▶ _Stored data entries_:
(* Let $\Sigma$ be a simply connected minimal surface in $\mathbb{R}^3$, parametrized (up to translations) by the conformal harmonic immersion \[ \mathbf{X}(\zeta)=\Big(\mathrm{Re}\int\phi_1(\zeta)\,d\zeta,\ \mathrm{Re}\int\phi_2(\zeta)\,d\zeta,\ \mathrm{Re}\int\phi_3(\zeta)\,d\zeta\Big), \] where $\zeta$ is a conformal coordinate and the holomorphic null curve $\phi=(\phi_1,\phi_2,\phi_3)$ is given in terms of Weierstrass data $(G(\zeta),\Psi(\zeta)\,d\zeta)$ by \[ \phi=\Big(\tfrac12(1-G^2)\Psi,\ \tfrac{i}{2}(1+G^2)\Psi,\ G\Psi\Big). \] For each $\theta\in(-\frac{\pi}{2},\frac{\pi}{2})$ define the holomorphic curve \[ \widetilde{\phi}=(\widetilde{\phi}_0,\widetilde{\phi}_1,\widetilde{\phi}_2,\widetilde{\phi}_3)=\Big(\frac{\sin\theta}{2}\Big(1+\frac{G^2}{\cos^2\theta}\Big)\Psi,\ \frac{\cos\theta}{2}\Big(1-\frac{G^2}{\cos^2\theta}\Big)\Psi,\ \frac{i}{2}\Big(1+\frac{G^2}{\cos^2\theta}\Big)\Psi,\ G\Psi\Big) \] (so that $\widetilde{\phi}_0=-i(\sin\theta)\,\widetilde{\phi}_2$). Then there exists a degenerate minimal surface $\Sigma^{\tan\theta}$ in $\mathbb{R}^4$, parametrized (up to translations) by the conformal harmonic immersion \[ \mathbf{X}^{\tan\theta}(\zeta)=\Big(\mathrm{Re}\int\widetilde{\phi}_0\,d\zeta,\ \mathrm{Re}\int\widetilde{\phi}_1\,d\zeta,\ \mathrm{Re}\int\widetilde{\phi}_2\,d\zeta,\ \mathrm{Re}\int\widetilde{\phi}_3\,d\zeta\Big). \]
   Context: For a conformal harmonic immersion $\mathbf{X}:\Sigma\to\mathbb{R}^4$ with local conformal coordinate $\zeta$, its Gauss map is $\mathcal{G}(\zeta)=[\partial\mathbf{X}/\partial\zeta]\in\mathbb{CP}^3$, taking values in the quadric $\{z_0^2+z_1^2+z_2^2+z_3^2=0\}$. The minimal surface is called degenerate if the image of its Gauss map lies in a hyperplane of $\mathbb{CP}^3$. *)

From Stdlib Require Import Reals.
From Coquelicot Require Import Coquelicot.

Open Scope R_scope.

Fixpoint rsum (n : nat) (f : nat -> R) : R :=
  match n with O => 0 | S m => rsum m f + f m end.
Fixpoint csum (n : nat) (f : nat -> C) : C :=
  match n with O => RtoC 0 | S m => Cplus (csum m f) (f m) end.

(** [gamma] is a continuous path, lying in [U] on [0,1]
    (defined on all of R, only its restriction to [0,1] matters). *)
Definition path_in (U : C -> Prop) (gamma : R -> C) : Prop :=
  (forall t, continuous gamma t) /\ (forall t, 0 <= t <= 1 -> U (gamma t)).

Definition path_connected (U : C -> Prop) : Prop :=
  forall z w, U z -> U w ->
    exists gamma, path_in U gamma /\ gamma 0 = z /\ gamma 1 = w.

Definition loops_contractible (U : C -> Prop) : Prop :=
  forall gamma : R -> C, path_in U gamma -> gamma 0 = gamma 1 ->
    exists H : R * R -> C,
      (forall p, continuous H p) /\
      (forall s t, 0 <= s <= 1 -> 0 <= t <= 1 -> U (H (s, t))) /\
      (forall s, 0 <= s <= 1 -> H (s, 0) = gamma s) /\
      (forall s, 0 <= s <= 1 -> H (s, 1) = H (0, 1)) /\
      (forall t, 0 <= t <= 1 -> H (0, t) = H (1, t)).

Definition simply_connected_domain (U : C -> Prop) : Prop :=
  (exists z, U z) /\ open U /\ path_connected U /\ loops_contractible U.

Definition discrete_in (U P : C -> Prop) : Prop :=
  forall z, U z -> exists eps : posreal,
    forall w, w <> z -> Cmod (Cminus w z) < eps -> ~ P w.

Definition holomorphic_on (U : C -> Prop) (f : C -> C) : Prop :=
  forall z, U z -> @ex_derive C_AbsRing C_NormedModule f z.

Definition primitive_on (U : C -> Prop) (phi F : C -> C) : Prop :=
  forall z, U z -> @is_derive C_AbsRing C_NormedModule F z (phi z).

Definition px (f : C -> R) (z : C) : R :=
  Derive (fun t => f (t, snd z)) (fst z).
Definition py (f : C -> R) (z : C) : R :=
  Derive (fun t => f (fst z, t)) (snd z).

Definition rdiff_at (f : C -> R) (z : C) : Prop :=
  differentiable_pt (fun x y => f (x, y)) (fst z) (snd z).

Definition C2_on (U : C -> Prop) (f : C -> R) : Prop :=
  forall z, U z ->
    rdiff_at f z /\ rdiff_at (px f) z /\ rdiff_at (py f) z /\
    continuous (px (px f)) z /\ continuous (py (px f)) z /\
    continuous (px (py f)) z /\ continuous (py (py f)) z.

(** A map [X : U -> R^n], [X z = (X 0 z, ..., X (n-1) z)]. *)
Definition harmonic_on (U : C -> Prop) (n : nat) (X : nat -> C -> R) : Prop :=
  forall k, (k < n)%nat -> C2_on U (X k) /\
    forall z, U z -> px (px (X k)) z + py (py (X k)) z = 0.

Definition conformal_on (U : C -> Prop) (n : nat) (X : nat -> C -> R) : Prop :=
  forall z, U z ->
    rsum n (fun k => px (X k) z ^ 2) = rsum n (fun k => py (X k) z ^ 2) /\
    rsum n (fun k => px (X k) z * py (X k) z) = 0.

Definition immersion_on (U : C -> Prop) (n : nat) (X : nat -> C -> R) : Prop :=
  forall z, U z -> forall a b : R,
    (forall k, (k < n)%nat -> a * px (X k) z + b * py (X k) z = 0) ->
    a = 0 /\ b = 0.

Definition conformal_harmonic_immersion (U : C -> Prop) (n : nat)
    (X : nat -> C -> R) : Prop :=
  harmonic_on U n X /\ conformal_on U n X /\ immersion_on U n X.

(** dX_k/dzeta = (X_x - i X_y)/2 ; the Gauss map is [dX/dzeta] in CP^(n-1). *)
Definition dzeta (f : C -> R) (z : C) : C :=
  Cmult (RtoC (/ 2)) (Cminus (RtoC (px f z)) (Cmult Ci (RtoC (py f z)))).

(** Degenerate: the image of the Gauss map lies in a hyperplane of CP^(n-1):
    some nonzero linear form vanishes on dX/dzeta everywhere on U. *)
Definition degenerate_on (U : C -> Prop) (n : nat) (X : nat -> C -> R) : Prop :=
  exists a : nat -> C,
    (exists k, (k < n)%nat /\ a k <> RtoC 0) /\
    forall z, U z -> csum n (fun k => Cmult (a k) (dzeta (X k) z)) = RtoC 0.

(** [X] is, up to translations, Re \int phi : X_k = Re F_k with F_k' = phi_k. *)
Definition Re_integral_param (U : C -> Prop) (n : nat) (phi : nat -> C -> C)
    (X : nat -> C -> R) : Prop :=
  exists F : nat -> C -> C,
    forall k, (k < n)%nat ->
      primitive_on U (phi k) (F k) /\ forall z, U z -> X k z = Re (F k z).

(** phi = (phi_1, phi_2, phi_3) stored at indices 0, 1, 2. *)
Definition weierstrass_phi (G Psi : C -> C) (k : nat) (z : C) : C :=
  match k with
  | O => Cmult (Cmult (RtoC (/ 2)) (Cminus (RtoC 1) (Cmult (G z) (G z)))) (Psi z)
  | 1%nat => Cmult (Cmult (Cmult (RtoC (/ 2)) Ci) (Cplus (RtoC 1) (Cmult (G z) (G z)))) (Psi z)
  | _ => Cmult (G z) (Psi z)
  end.

Definition tilde_phi (theta : R) (G Psi : C -> C) (k : nat) (z : C) : C :=
  let q := Cdiv (Cmult (G z) (G z)) (RtoC (cos theta ^ 2)) in
  match k with
  | O => Cmult (Cmult (RtoC (sin theta / 2)) (Cplus (RtoC 1) q)) (Psi z)
  | 1%nat => Cmult (Cmult (RtoC (cos theta / 2)) (Cminus (RtoC 1) q)) (Psi z)
  | 2%nat => Cmult (Cmult (Cmult (RtoC (/ 2)) Ci) (Cplus (RtoC 1) q)) (Psi z)
  | _ => Cmult (G z) (Psi z)
  end.

(* The curve [tilde phi] is [M phi] for a constant complex 4x3 matrix [M = tilde_mx (sin theta)
   (cos theta)]; off the poles of [G] this is the formula in terms of [G] and [Psi], while on all of
   [U] it is holomorphic because [phi] is, and [X~ = Re (M F)] for primitives [F] of [phi].
   Since [sin^2 + cos^2 = 1], [M] preserves the complex bilinear form ([M^T M = I]); as
   [dX~/dzeta = M dX/dzeta], the null (conformality) condition and the non-vanishing of
   [dX/dzeta] (immersion) carry over from [X] to [X~]. The rows satisfy
   [tphi_0 + i sin theta tphi_2 = 0], a fixed hyperplane containing the Gauss map. *)

From Stdlib Require Import Reals Lra Lia Classical.
From Coquelicot Require Import Coquelicot.
Open Scope R_scope.

Lemma sqrt2_lt_2 : sqrt 2 < 2.
Proof. pose proof (sqrt_sqrt 2 ltac:(lra)); pose proof (sqrt_pos 2); nra. Qed.

Lemma Cmod_le_2Rmax (w : C) : Cmod w <= 2 * Rmax (Rabs (fst w)) (Rabs (snd w)).
Proof.
  apply (Rle_trans _ _ _ (Cmod_2Rmax w)), Rmult_le_compat_r.
  - apply (Rle_trans _ _ _ (Rabs_pos (fst w))), Rmax_l.
  - apply Rlt_le, sqrt2_lt_2.
Qed.

Lemma is_derive_Re_diff_pt (F : C -> C) (z l : C) :
  is_derive F z l ->
  differentiable_pt_lim (fun x y => Re (F (x, y))) (fst z) (snd z) (Re l) (- Im l).
Proof.
  intros [_ Hd] eps.
  assert (Hdom := Hd z (fun P HP => HP) (pos_div_2 eps)).
  apply locally_C in Hdom.
  destruct z as [x y]; apply locally_2d_locally.
  revert Hdom; apply filter_imp; intros [u v] Hw; simpl in *.
  unfold norm, minus, plus, opp, scal in Hw; simpl in Hw.
  change (abs ?w) with (Cmod w) in Hw; change (mult ?a ?b) with (Cmult a b) in Hw.
  match type of Hw with Cmod ?W <= _ => set (D := W) in Hw end.
  replace (Re (F (u, v)) - Re (F (x, y)) - (Re l * (u - x) + - Im l * (v - y)))
    with (Re D) by (unfold D, Re, Im; simpl; ring).
  assert (Hm := Cmod_le_2Rmax ((u, v) + - (x, y))%C); simpl in Hm.
  apply (Rle_trans _ _ _ (re_le_Cmod D)), (Rle_trans _ _ _ Hw).
  pose proof (cond_pos eps). unfold Rminus. nra.
Qed.

Lemma open_locally_2d (U : C -> Prop) (z : C) :
  open U -> U z -> locally_2d (fun u v => U (u, v)) (fst z) (snd z).
Proof.
  intros HU Hz; apply locally_2d_locally.
  apply (filter_imp U); [now intros [u v] | exact (HU z Hz)].
Qed.

Section RealPartOfPrimitive.

Variables (U : C -> Prop) (F f : C -> C) (X : C -> R).
Hypothesis HU : open U.
Hypothesis HF : forall w, U w -> is_derive F w (f w).
Hypothesis HX : forall w, U w -> X w = Re (F w).

Lemma Re_primitive_diff_pt (w : C) : U w ->
  differentiable_pt_lim (fun x y => X (x, y)) (fst w) (snd w) (Re (f w)) (- Im (f w)).
Proof.
  intros Hw.
  apply differentiable_pt_lim_ext with (fun x y => Re (F (x, y))).
  - apply locally_2d_impl with (2 := open_locally_2d U w HU Hw).
    apply locally_2d_forall; intros u v Huv; symmetry; exact (HX _ Huv).
  - exact (is_derive_Re_diff_pt F w (f w) (HF w Hw)).
Qed.

Lemma Re_primitive_partials (w : C) : U w ->
  rdiff_at X w /\ px X w = Re (f w) /\ py X w = - Im (f w).
Proof.
  intros Hw; pose proof (Re_primitive_diff_pt w Hw) as Hd.
  split; [now exists (Re (f w)), (- Im (f w)) |].
  exact (differentiable_pt_lim_unique _ _ _ _ _ Hd).
Qed.

Lemma dzeta_Re_primitive (w : C) : U w -> dzeta X w = (f w / 2)%C.
Proof.
  intros Hw; unfold dzeta.
  destruct (Re_primitive_partials w Hw) as [_ [-> ->]]; destruct (f w) as [a b].
  apply injective_projections; simpl; field.
Qed.

End RealPartOfPrimitive.

Lemma continuous_eq_on_open (U : C -> Prop) (f g : C -> R) (z : C) :
  open U -> U z -> (forall w, U w -> f w = g w) -> continuous g z -> continuous f z.
Proof.
  intros HU Hz Hfg; apply continuous_ext_loc.
  apply (filter_imp U); [intros w Hw; symmetry; now apply Hfg | exact (HU z Hz)].
Qed.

▶ _Task details_: When you reach the line with "[U] it is holomorphic" in the records above, start writing out lines exactly, and stop once the line with "Section RealPartOfPrimitive." has been written; include nothing else.

▶ _Output below_:
   [U] it is holomorphic because [phi] is, and [X~ = Re (M F)] for primitives [F] of [phi].
   Since [sin^2 + cos^2 = 1], [M] preserves the complex bilinear form ([M^T M = I]); as
   [dX~/dzeta = M dX/dzeta], the null (conformality) condition and the non-vanishing of
   [dX/dzeta] (immersion) carry over from [X] to [X~]. The rows satisfy
   [tphi_0 + i sin theta tphi_2 = 0], a fixed hyperplane containing the Gauss map. *)

From Stdlib Require Import Reals Lra Lia Classical.
From Coquelicot Require Import Coquelicot.
Open Scope R_scope.

Lemma sqrt2_lt_2 : sqrt 2 < 2.
Proof. pose proof (sqrt_sqrt 2 ltac:(lra)); pose proof (sqrt_pos 2); nra. Qed.

Lemma Cmod_le_2Rmax (w : C) : Cmod w <= 2 * Rmax (Rabs (fst w)) (Rabs (snd w)).
Proof.
  apply (Rle_trans _ _ _ (Cmod_2Rmax w)), Rmult_le_compat_r.
  - apply (Rle_trans _ _ _ (Rabs_pos (fst w))), Rmax_l.
  - apply Rlt_le, sqrt2_lt_2.
Qed.

Lemma is_derive_Re_diff_pt (F : C -> C) (z l : C) :
  is_derive F z l ->
  differentiable_pt_lim (fun x y => Re (F (x, y))) (fst z) (snd z) (Re l) (- Im l).
Proof.
  intros [_ Hd] eps.
  assert (Hdom := Hd z (fun P HP => HP) (pos_div_2 eps)).
  apply locally_C in Hdom.
  destruct z as [x y]; apply locally_2d_locally.
  revert Hdom; apply filter_imp; intros [u v] Hw; simpl in *.
  unfold norm, minus, plus, opp, scal in Hw; simpl in Hw.
  change (abs ?w) with (Cmod w) in Hw; change (mult ?a ?b) with (Cmult a b) in Hw.
  match type of Hw with Cmod ?W <= _ => set (D := W) in Hw end.
  replace (Re (F (u, v)) - Re (F (x, y)) - (Re l * (u - x) + - Im l * (v - y)))
    with (Re D) by (unfold D, Re, Im; simpl; ring).
  assert (Hm := Cmod_le_2Rmax ((u, v) + - (x, y))%C); simpl in Hm.
  apply (Rle_trans _ _ _ (re_le_Cmod D)), (Rle_trans _ _ _ Hw).
  pose proof (cond_pos eps). unfold Rminus. nra.
Qed.

Lemma open_locally_2d (U : C -> Prop) (z : C) :
  open U -> U z -> locally_2d (fun u v => U (u, v)) (fst z) (snd z).
Proof.
  intros HU Hz; apply locally_2d_locally.
  apply (filter_imp U); [now intros [u v] | exact (HU z Hz)].
Qed.

Section RealPartOfPrimitive.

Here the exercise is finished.